ShangtongZhang / DeepRL

Modularized Implementation of Deep RL Algorithms in PyTorch

MIT License

3.21k stars 684 forks source link

Option-Critic Beta Advantage Question #73

Closed spacegoing closed 4 years ago

spacegoing commented 4 years ago

Hi Shangtong,

https://github.com/ShangtongZhang/DeepRL/blob/717fe68e7ed00a80c6c52ec9613c9a16dbb37e0c/deep_rl/agent/OptionCritic_agent.py#L101

I would love to know how the value function is calculated here. Why isn't it just V=maxQ rather than the expectation over p(w|s, epsilon)?

Also, should it not be 1 - epsilon + epsilon / q_option.size(1) according to https://github.com/ShangtongZhang/DeepRL/blob/717fe68e7ed00a80c6c52ec9613c9a16dbb37e0c/deep_rl/agent/OptionCritic_agent.py#L34

spacegoing commented 4 years ago

Also, why would here use sampled option rather than max: https://github.com/ShangtongZhang/DeepRL/blob/717fe68e7ed00a80c6c52ec9613c9a16dbb37e0c/deep_rl/agent/OptionCritic_agent.py#L97

ShangtongZhang commented 4 years ago

Hi Shangtong,

https://github.com/ShangtongZhang/DeepRL/blob/717fe68e7ed00a80c6c52ec9613c9a16dbb37e0c/deep_rl/agent/OptionCritic_agent.py#L101

I would love to know how the value function is calculated here. Why isn't it just V=maxQ rather than the expectation over p(w|s, epsilon)?

Also, should it not be 1 - epsilon + epsilon / q_option.size(1) according to

https://github.com/ShangtongZhang/DeepRL/blob/717fe68e7ed00a80c6c52ec9613c9a16dbb37e0c/deep_rl/agent/OptionCritic_agent.py#L34

In L101 I interpret the q value as the Q\Omega in Eq1 in the OC paper (In fact this is wrong as this q value is trained via intra-option q-learning instead of SARSA) corresponding to the epsilon-greedy policy. So v is computed by weighted sum of Q\Omega according to this epsilon-greedy policy. L34 is the weight for the q value corresponding to the greedy action. I think it's equivalent to L101.

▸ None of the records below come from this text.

(* Let $p$ be a prime, $a\in\mathbb{Q}_p$, $a\ne0$, with $\sqrt{-a}\in\mathbb{Q}_p$, $A=|a|_p$, and $f(x)=\frac{ax}{x^2+a}$ on $\mathbb{Q}_p$. Let $0<r<\sqrt A$, $\rho(r)=r^3/A$, and $c\in\mathbb{Q}_p$ with $|c|_p=r$. Then: 1. $|f^{n+1}(c)-f^n(c)|_p=\rho(r)$ for every $n\ge1$. 2. $f(V_{\rho(r)}(c))=V_{\rho(r)}(c)$. 3. If for some $\theta>0$ the ball $V_\theta(c)\subset S_r(0)$ is invariant under $f$ (i.e. $f(V_\theta(c))\subseteq V_\theta(c)$), then $\theta\ge\rho(r)$.
   Context: $V_\theta(c)=\{x\in\mathbb{Q}_p:|x-c|_p\le\theta\}$, $S_r(0)=\{x\in\mathbb{Q}_p:|x|_p=r\}$; $f^n$ is the $n$-th iterate of $f$. *)

From Stdlib Require Import Reals ZArith.
From HB Require Import structures.
From mathcomp Require Import all_boot all_order all_algebra.
Set Implicit Arguments. Unset Strict Implicit. Unset Printing Implicit Defensive.
Import GRing.Theory.

Definition rat_pval (p : nat) (q : rat) : Z :=
  Z.sub (Z.of_nat (logn p `|numq q|%N)) (Z.of_nat (logn p `|denq q|%N)).

Definition padic_abs_rat (p : nat) (q : rat) : R :=
  if q == 0%R then R0 else powerRZ (INR p) (Z.opp (rat_pval p q)).

(* (K, nrm) is "the" field Q_p of p-adic numbers with its absolute value
   |.|_p, characterised as the completion of Q w.r.t. |.|_p: a field with a
   non-archimedean absolute value restricting to |.|_p on Q, complete, and in
   which Q is dense.  These properties determine (K, nrm) up to unique
   isometric isomorphism. *)
Definition is_Qp (p : nat) (K : fieldType) (nrm : K -> R) : Prop :=
    (forall x : K, nrm x = R0 <-> x = 0%R) /\
      (forall x y : K, nrm (x * y)%R = Rmult (nrm x) (nrm y)) /\
      (forall x y : K, Rle (nrm (x + y)%R) (Rmax (nrm x) (nrm y))) /\
      (forall q : rat, nrm (ratr q) = padic_abs_rat p q) /\
      (forall u : nat -> K,
          (forall eps : R, Rlt R0 eps -> exists N : nat, forall m n : nat,
             (N <= m)%N -> (N <= n)%N -> Rlt (nrm (u m - u n)%R) eps) ->
          exists l : K, (forall eps : R, Rlt R0 eps -> exists N : nat,
             forall n : nat, (N <= n)%N -> Rlt (nrm (u n - l)%R) eps)) /\
      (forall (x : K) (eps : R), Rlt R0 eps ->
          exists q : rat, Rlt (nrm (x - ratr q)%R) eps).

Definition fmap (K : fieldType) (a : K) (x : K) : K :=
  (a * x / (x ^+ 2 + a))%R.

Definition fiter (K : fieldType) (a : K) (n : nat) (c : K) : K :=
  iter n (fmap a) c.

Definition ball (K : fieldType) (nrm : K -> R) (theta : R) (c : K) : K -> Prop :=
  fun x => Rle (nrm (x - c)%R) theta.

Definition sphere0 (K : fieldType) (nrm : K -> R) (r : R) : K -> Prop :=
  fun x => nrm x = r.

Definition has_sqrt_neg (K : fieldType) (a : K) : Prop :=
  exists s : K, (s * s)%R = (- a)%R.

Definition is_nonzero (K : fieldType) (a : K) : Prop := a <> 0%R.
Arguments is_Qp p K nrm : clear implicits.

From Stdlib Require Import Reals Lra.
From mathcomp Require Import all_boot all_order all_algebra.
From mathcomp Require Import ring.
Import GRing.Theory.
Set Implicit Arguments. Unset Strict Implicit.
Open Scope R_scope.

(* On the sphere |x| = r we have |x^2| < |a|, hence |x^2 + a| = |a|, and
   f(x) = x - h(x) with h(x) = x^3 / (x^2 + a) of norm exactly rho = r^3/|a| < r.
   So f moves every point of S_r(0) by exactly rho and keeps it on the sphere:
   this gives part 1, the inclusion f(V_rho(c)) <= V_rho(c), and part 3 by
   looking at the single point c.  Moreover h is a contraction of ratio
   r^2/|a| < 1 on S_r(0), so for y in V_rho(c) the map x |-> y + h(x) has a
   fixed point in V_rho(c) (Banach), which is a preimage of y under f. *)

Record ultrametric_abs (K : fieldType) (nrm : K -> R) : Prop := UltrametricAbs {
  abs_eq0 : forall x : K, nrm x = 0 <-> x = 0%R;
  absM : forall x y : K, nrm (x * y)%R = nrm x * nrm y;
  abs_ultra : forall x y : K, nrm (x + y)%R <= Rmax (nrm x) (nrm y);
  absN1 : nrm (-1)%R = 1 }.

Section Ultrametric.

Variables (K : fieldType) (nrm : K -> R).
Hypothesis nrm_abs : ultrametric_abs nrm.

Let nrm_eq0 := abs_eq0 nrm_abs.
Let nrmM := absM nrm_abs.
Let nrm_ultra := abs_ultra nrm_abs.
Let nrmN1 := absN1 nrm_abs.

Lemma nrm0 : nrm 0%R = 0.
Proof. exact/nrm_eq0. Qed.

Lemma nrmN (x : K) : nrm (- x)%R = nrm x.
Proof. by rewrite -mulN1r nrmM nrmN1 Rmult_1_l. Qed.

Lemma nrm_ge0 (x : K) : 0 <= nrm x.
Proof.
have := nrm_ultra x (- x)%R; rewrite addrN nrm0 nrmN.
by rewrite /Rmax; case: Rle_dec; lra.
Qed.

Lemma distC (x y : K) : nrm (x - y)%R = nrm (y - x)%R.
Proof. by rewrite -nrmN opprB. Qed.

Lemma nrm1 : nrm 1%R = 1.
Proof. by rewrite -[1%R]opprK -mulN1r nrmM nrmN1 Rmult_1_l. Qed.

Lemma nrmV (x : K) : x != 0%R -> nrm (x^-1)%R = / nrm x.
Proof.
move=> x_neq0; have nx_neq0 : nrm x <> 0 by move/nrm_eq0; apply/eqP.
apply: (Rmult_eq_reg_l (nrm x)) => //.
by rewrite -nrmM mulfV // nrm1 Rinv_r.
Qed.

Lemma nrmX (x : K) (n : nat) : nrm (x ^+ n)%R = nrm x ^ n.
Proof. by elim: n => [|n IH]; rewrite ?expr0 ?nrm1 // exprS nrmM IH. Qed.

Lemma nrmD_le (x y : K) (b : R) : nrm x <= b -> nrm y <= b -> nrm (x + y)%R <= b.
Proof. by have := nrm_ultra x y; rewrite /Rmax; case: Rle_dec; lra. Qed.

Lemma nrmD_lt (x y : K) (b : R) : nrm x < b -> nrm y < b -> nrm (x + y)%R < b.
Proof. by have := nrm_ultra x y; rewrite /Rmax; case: Rle_dec; lra. Qed.

Lemma nrmD_absorb (x y : K) : nrm x < nrm y -> nrm (x + y)%R = nrm y.
Proof.
move=> lt_xy; have le_sum := nrm_ultra x y.
have := nrm_ultra (x + y)%R (- x)%R; rewrite addrC addKr nrmN.
by move: le_sum; rewrite /Rmax; do 2 case: Rle_dec; lra.
Qed.

Definition cauchy (u : nat -> K) : Prop :=
  forall eps, 0 < eps -> exists N : nat, forall m n : nat,
    (N <= m)%N -> (N <= n)%N -> nrm (u m - u n)%R < eps.

Definition converges_to (u : nat -> K) (l : K) : Prop :=
  forall eps, 0 < eps -> exists N : nat, forall n : nat,
    (N <= n)%N -> nrm (u n - l)%R < eps.

Lemma geometric_telescope (u : nat -> K) (k C : R) :
  0 <= k <= 1 -> (forall n, nrm (u n.+1 - u n)%R <= k ^ n * C) ->
  forall n d, nrm (u (n + d)%N - u n)%R <= k ^ n * C.
Proof.
move=> k01 step n; have C_ge0 : 0 <= C.
  by have := step 0%N; have := nrm_ge0 (u 1%N - u 0%N)%R; rewrite /= Rmult_1_l; lra.
have pow_le1 d : k ^ d <= 1 by elim: d => [|d IH] /=; nra.
have kn_ge0 := pow_le k n (proj1 k01).
elim=> [|d IH]; first by rewrite addn0 addrN nrm0; nra.
have -> : (u (n + d.+1)%N - u n = (u (n + d).+1 - u (n + d)%N) + (u (n + d)%N - u n))%R.
  by rewrite addnS; ring.
apply: nrmD_le IH; apply: Rle_trans (step _) _.
rewrite pow_add; have := pow_le1 d; have := Rmult_le_pos _ _ kn_ge0 C_ge0; nra.
Qed.

Lemma cauchy_geometric (u : nat -> K) (k C : R) :
  0 <= k < 1 -> 0 < C -> (forall n, nrm (u n.+1 - u n)%R <= k ^ n * C) -> cauchy u.
Proof.
move=> k01 C_gt0 step eps eps_gt0.
have tele := geometric_telescope (conj (proj1 k01) (Rlt_le _ _ (proj2 k01))) step.
have abs_k_lt1 : Rabs k < 1 by rewrite Rabs_right; lra.
have [N kN_small] := pow_lt_1_zero k abs_k_lt1 (eps / C) (Rdiv_lt_0_compat _ _ eps_gt0 C_gt0).
have small n : (N <= n)%N -> k ^ n * C < eps.
  move=> /leP /kN_small; rewrite Rabs_right; last exact/Rle_ge/pow_le/(proj1 k01).
  by move=> lt_kn; apply: (Rmult_lt_reg_r (/ C)); [exact: Rinv_0_lt_compat | field_simplify; lra].
exists N => m n Nm Nn; case: (leqP m n) => [le_mn | /ltnW lt_nm].
  by rewrite distC -(subnKC le_mn); apply: Rle_lt_trans (tele _ _) (small _ Nm).
by rewrite -(subnKC lt_nm); apply: Rle_lt_trans (tele _ _) (small _ Nn).
Qed.

Lemma limit_in_ball (u : nat -> K) (l c : K) (rho : R) :
  converges_to u l -> (forall n, nrm (u n - c)%R <= rho) -> nrm (l - c)%R <= rho.
Proof.
move=> u_to_l u_ball; case: (Rle_lt_dec (nrm (l - c)%R) rho) => // far.
have [|N near] := u_to_l (nrm (l - c)%R - rho); first lra.
have u_near := near N (leqnn N); have uN_ball := u_ball N.
have rho_ge0 : 0 <= rho by apply: Rle_trans uN_ball; exact: nrm_ge0.
have : nrm (- (u N - l) + (u N - c))%R < nrm (l - c)%R.
  by apply: nrmD_lt; rewrite ?nrmN; lra.
have -> : (- (u N - l) + (u N - c) = l - c)%R by ring.
lra.
Qed.

Hypothesis nrm_complete : forall u, cauchy u -> exists l, converges_to u l.

Lemma contraction_fixpoint (g : K -> K) (c : K) (rho k : R) :
  0 < rho -> 0 <= k < 1 ->
  (forall x, nrm (x - c)%R <= rho -> nrm (g x - c)%R <= rho) ->
  (forall x y, nrm (x - c)%R <= rho -> nrm (y - c)%R <= rho ->
     nrm (g x - g y)%R <= k * nrm (x - y)%R) ->
  exists2 l, nrm (l - c)%R <= rho & g l = l.
Proof.
move=> rho_gt0 k01 g_ball g_contr; pose u n := iter n g c.
have u_ball n : nrm (u n - c)%R <= rho.
  by elim: n => [|n IH] /=; [rewrite addrN nrm0; lra | exact: g_ball].
have u_step n : nrm (u n.+1 - u n)%R <= k ^ n * rho.
  elim: n => [|n IH]; first by rewrite /= Rmult_1_l; apply/g_ball; rewrite addrN nrm0; lra.
  apply: Rle_trans (g_contr (u n.+1) (u n) (u_ball _) (u_ball _)) _.
  rewrite /= Rmult_assoc.
  by apply: Rmult_le_compat_l IH; lra.
have [l u_to_l] := nrm_complete (cauchy_geometric k01 rho_gt0 u_step).
have l_ball := limit_in_ball u_to_l u_ball.
exists l => //; apply/eqP; rewrite -subr_eq0; apply/eqP/nrm_eq0.
case: (nrm_ge0 (g l - l)%R) => [gap|] //; have [N near] := u_to_l _ gap.
have near_N := near N (leqnn N).
have : nrm ((g l - g (u N)) + (u N.+1 - l))%R < nrm (g l - l)%R.
  apply: nrmD_lt; last exact/near/leqW.
  apply: Rle_lt_trans (g_contr _ _ l_ball (u_ball _)) (Rle_lt_trans _ _ _ _ near_N).
  by rewrite (distC l) -{2}[nrm _]Rmult_1_l; apply: Rmult_le_compat_r; [exact: nrm_ge0 | lra].
have -> : ((g l - g (u N)) + (u N.+1 - l) = g l - l)%R by rewrite /u /=; ring.
lra.
Qed.

Section RationalMap.

Variables (a : K) (r : R).
Hypotheses (r_gt0 : 0 < r) (r2_lt_nrm_a : r * r < nrm a).

Local Notation k := (r * r / nrm a).
Local Notation rho := (r ^ 3 / nrm a).

Definition correction (x : K) : K := (x ^+ 3 / (x ^+ 2 + a))%R.

Lemma nrm_a_gt0 : 0 < nrm a.
Proof. nra. Qed.

Lemma ratio_bounds : 0 < k < 1.
Proof.
have A_gt0 := nrm_a_gt0; split; first exact/Rdiv_lt_0_compat/A_gt0/Rmult_lt_0_compat.
apply: (Rmult_lt_reg_r (nrm a)) => //.
by rewrite Rmult_1_l /Rdiv Rmult_assoc Rinv_l; lra.
Qed.

Lemma rho_bounds : 0 < rho < r.
Proof.
have A_gt0 := nrm_a_gt0.
have -> : rho = r * k by field_simplify_eq; lra.
by have [k_gt0 k_lt1] := ratio_bounds; nra.
Qed.

Lemma nrm_den (x : K) : nrm x = r -> nrm (x ^+ 2 + a)%R = nrm a.
Proof. by move=> nx; apply: nrmD_absorb; rewrite nrmX nx /=; nra. Qed.

Lemma den_neq0 (x : K) : nrm x = r -> (x ^+ 2 + a)%R != 0%R.
Proof.
move=> nx; apply/eqP => /nrm_eq0 den0.
by have := nrm_den nx; have := nrm_a_gt0; lra.
Qed.

Lemma fmap_correction (x : K) : nrm x = r -> fmap a x = (x - correction x)%R.
Proof. by move=> nx; rewrite /fmap /correction; field; exact: den_neq0. Qed.

Lemma nrm_correction (x : K) : nrm x = r -> nrm (correction x) = rho.
Proof. by move=> nx; rewrite nrmM nrmV ?den_neq0 // nrm_den // nrmX nx. Qed.

Lemma correction_lipschitz (x y : K) : nrm x = r -> nrm y = r ->
  nrm (correction x - correction y)%R <= k * nrm (x - y)%R.
Proof.
move=> nx ny; have A_gt0 := nrm_a_gt0.
pose B := (x ^+ 2 * y ^+ 2 + a * (x ^+ 2 + x * y + y ^+ 2))%R.
have -> : (correction x - correction y = (x - y) * B / ((x ^+ 2 + a) * (y ^+ 2 + a)))%R.
  by rewrite /correction /B; field; rewrite !den_neq0.
have nB : nrm B <= nrm a * (r * r).
  apply: nrmD_le; first by rewrite nrmM !nrmX nx ny /=; nra.
  rewrite nrmM; apply: Rmult_le_compat_l; first lra.
  by do 2?apply: nrmD_le; rewrite ?nrmM ?nrmX ?nx ?ny /=; lra.
rewrite !nrmM nrmV ?mulf_neq0 ?den_neq0 // nrmM !nrm_den //.
have -> : k * nrm (x - y)%R = nrm (x - y)%R * (nrm a * (r * r)) * / (nrm a * nrm a).
  by field_simplify_eq; lra.
apply: Rmult_le_compat_r; first by apply/Rlt_le/Rinv_0_lt_compat; nra.
by apply: Rmult_le_compat_l nB; exact: nrm_ge0.
Qed.

Lemma nrm_fmap_sub (x : K) : nrm x = r -> nrm (fmap a x - x)%R = rho.
Proof.
move=> nx; rewrite fmap_correction //.
rewrite (_ : x - correction x - x = - correction x)%R; last by ring.
by rewrite nrmN nrm_correction.
Qed.

Lemma nrm_fmap (x : K) : nrm x = r -> nrm (fmap a x) = r.
Proof.
move=> nx; have -> : fmap a x = (fmap a x - x + x)%R by rewrite subrK.
rewrite nrmD_absorb // nrm_fmap_sub // nx.
exact: (proj2 rho_bounds).
Qed.

Lemma nrm_fiter (c : K) (n : nat) : nrm c = r -> nrm (fiter a n c) = r.
Proof. by move=> nc; elim: n => [|n IH] //=; apply: nrm_fmap. Qed.

Variable c : K.
Hypothesis nc : nrm c = r.

Lemma ball_in_sphere (x : K) : nrm (x - c)%R <= rho -> nrm x = r.
Proof.
move=> x_ball; have -> : x = (x - c + c)%R by rewrite subrK.
rewrite nrmD_absorb nc //.
by have [_ rho_lt_r] := rho_bounds; lra.
Qed.

Lemma fmap_ball (x : K) : nrm (x - c)%R <= rho -> nrm (fmap a x - c)%R <= rho.
Proof.
move=> x_ball; have nx := ball_in_sphere x_ball.
rewrite fmap_correction //.
rewrite (_ : x - correction x - c = - correction x + (x - c))%R; last by ring.
by apply: nrmD_le x_ball; rewrite nrmN nrm_correction //; lra.
Qed.

Lemma fmap_ball_onto (y : K) : nrm (y - c)%R <= rho ->
  exists2 x, nrm (x - c)%R <= rho & fmap a x = y.
Proof.
move=> y_ball.
have [l l_ball fix_l] : exists2 l, nrm (l - c)%R <= rho & (y + correction l = l)%R.
  apply: (@contraction_fixpoint (fun x => y + correction x)%R c rho k).
  - exact: (proj1 rho_bounds).
  - by have [k_gt0 k_lt1] := ratio_bounds; lra.
  - move=> x x_ball; rewrite (_ : y + correction x - c = (y - c) + correction x)%R; last by ring.
    by apply: nrmD_le y_ball _; rewrite (nrm_correction (ball_in_sphere x_ball)); lra.
  - move=> x x' x_ball x'_ball.
    rewrite (_ : y + correction x - (y + correction x') = correction x - correction x')%R;
      last by ring.
    by apply: correction_lipschitz; exact: ball_in_sphere.
by exists l; rewrite // (fmap_correction (ball_in_sphere l_ball)) -{1}fix_l addrK.
Qed.

End RationalMap.

End Ultrametric.

Lemma padic_abs_ratN1 (p : nat) : padic_abs_rat p (-1)%R = 1.
Proof. by rewrite /padic_abs_rat /rat_pval /= logn1. Qed.

Lemma Qp_ultrametric_abs (p : nat) (K : fieldType) (nrm : K -> R) :
  is_Qp p K nrm -> ultrametric_abs nrm.
Proof.
case=> nrm_eq0 [nrmM [nrm_ultra [nrm_ratr _]]]; split => //.
have ratrN1 : ratr (-1) = (-1 : K)%R by have := ratr_int K (-1); rewrite intrN.
by rewrite -ratrN1 nrm_ratr padic_abs_ratN1.
Qed.

Theorem theorem3p4 (p : nat) (K : fieldType) (nrm : K -> R)
  (hp : prime p) (hK : is_Qp p K nrm)
  (a : K) (ha : is_nonzero a) (hsq : has_sqrt_neg a)
  (r : R) (hr0 : Rlt R0 r) (hr : Rlt r (sqrt (nrm a)))
  (c : K) (hc : nrm c = r) :
  let A := nrm a in
  let rho := Rdiv (pow r 3) A in
  let f := fmap a in
  [/\ (forall n : nat, (1 <= n)%N ->
          nrm (fiter a n.+1 c - fiter a n c)%R = rho),
      (forall x : K, ball nrm rho c x -> ball nrm rho c (f x)) /\
      (forall y : K, ball nrm rho c y -> exists x : K, ball nrm rho c x /\ f x = y) &
      (forall theta : R, Rlt R0 theta ->
          (forall x : K, ball nrm theta c x -> sphere0 nrm r x) ->
          (forall x : K, ball nrm theta c x -> ball nrm theta c (f x)) ->
          Rle rho theta)].
Proof.
move=> A rho f; have nrm_abs := Qp_ultrametric_abs hK.
have [_ [_ [_ [_ [nrm_complete _]]]]] := hK.
have r2_lt : r * r < nrm a.
  by apply: sqrt_lt_0_alt; rewrite sqrt_square //; lra.
split.
- by move=> n _; apply: (nrm_fmap_sub nrm_abs r2_lt); apply: nrm_fiter.
- split=> [x | y y_ball]; first exact: fmap_ball.
  by have [x] := fmap_ball_onto nrm_abs nrm_complete hr0 r2_lt hc y_ball; exists x.
- move=> theta theta_gt0 _ f_inv.
  have := f_inv c; rewrite /ball (nrm_fmap_sub nrm_abs r2_lt hc).
  by rewrite addrN (nrm0 nrm_abs); apply; lra.
Qed.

ShangtongZhang commented 4 years ago

Also, why would here use sampled option rather than max: https://github.com/ShangtongZhang/DeepRL/blob/717fe68e7ed00a80c6c52ec9613c9a16dbb37e0c/deep_rl/agent/OptionCritic_agent.py#L97

This is the advantage of an action at an augmented state (state \times option), option is part of this augmented state (see my DAC paper for details about this augmented MDP).

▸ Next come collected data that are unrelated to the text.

Definition cart_prod (T U : finType) (eG : rel T) (eH : rel U) : rel (T * U) :=
  fun x y => ((x.1 == y.1) && eH x.2 y.2) || ((x.2 == y.2) && eG x.1 y.1).

Definition hypercube (d : nat) : rel {ffun 'I_d -> bool} :=
  fun x y => #|[set i | x i != y i]| == 1%N.

Arguments hypercube : clear implicits.

Definition cycle_graph (n : nat) : rel 'I_n :=
  fun i j => (val j == (val i + 1) %% n)%N || (val i == (val j + 1) %% n)%N.

Arguments cycle_graph : clear implicits.

Definition weighted_adj (F : fieldType) (T : finType) (e : rel T)
  (A : 'M[F]_#|T|) : Prop :=
  forall u v, (A (enum_rank u) (enum_rank v) != 0) = e u v.

Definition involutory (F : fieldType) (n : nat) (A : 'M[F]_n) : Prop :=
  A *m A = 1%:M.

Definition in_IF (F : fieldType) (T : finType) (e : rel T) (A : 'M[F]_#|T|) : Prop :=
  weighted_adj e A /\ involutory A.

Definition IF_nonempty (F : fieldType) (T : finType) (e : rel T) : Prop :=
  exists A : 'M[F]_#|T|, in_IF e A.

Definition is_edge (T : finType) (e : rel T) (s : {set T}) : Prop :=
  exists u v, e u v /\ s = [set u; v].

Definition perfect_matching (T : finType) (e : rel T) (M : {set {set T}}) : Prop :=
  (forall s, s \in M -> is_edge e s) /\
  (forall x : T, #|[set s in M | x \in s]| = 1%N).

Definition forcing_set (T : finType) (e : rel T) (M S : {set {set T}}) : Prop :=
  S \subset M /\
  (forall M', perfect_matching e M' -> S \subset M' -> M' = M).

Definition forcing_number_is (T : finType) (e : rel T) (n : nat) : Prop :=
  (exists M S, perfect_matching e M /\ forcing_set e M S /\ #|S| = n) /\
  (forall M S, perfect_matching e M -> forcing_set e M S -> (n <= #|S|)%N).
Theorem proposition3 (l : seq nat) (Hl : is_partition l) (a b c d : int) :
  [/\ normal_diag (Xi2 a a) (Slam l)
        = \sum_(x <- Clam l) sgnF x * (a == x)%:R,
      normal_diag (Xi4 a b c d) (Slam l) != 0 ->
        ((a == b) && (c == d)) || ((a == d) && (b == c))
    & a != b ->
      normal_diag (Xi4 a b b a) (Slam l)
        = - \sum_(x <- Clam l) \sum_(x' <- Clam l)
              sgnF x * sgnF x' * (a == x)%:R * (b == x')%:R ].
Proof.
split.
- by rewrite normal_diag_Xi2 xi_diag_Slam.
- exact: normal_diag_Xi4_neq0.
- move=> neq_ab; rewrite normal_diag_Xi4_abba // !xi_diag_Slam // mulr_suml.
  congr (- _); apply: eq_bigr => x _; rewrite mulr_sumr.
  by apply: eq_bigr => x' _; rewrite mulrACA mulrA.
Qed.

spacegoing commented 4 years ago

Thank you for your reply. After reading your DAC paper I became a fan of you:D Brilliant work mate! I am only recently attracted by reinforcement learning and found it such a fascinating area. If it's possible could you please share your learning path (textbooks etc.)? I found myself lacking of many backgrounds such as augmented MDP and kind of confused where to start. Many thanks!

ShangtongZhang commented 4 years ago

Rich's book -> Martin Puterman's book about MDP -> Neuro Dynamic Programming from Bertsekas

spacegoing commented 4 years ago

Great! Many thanks!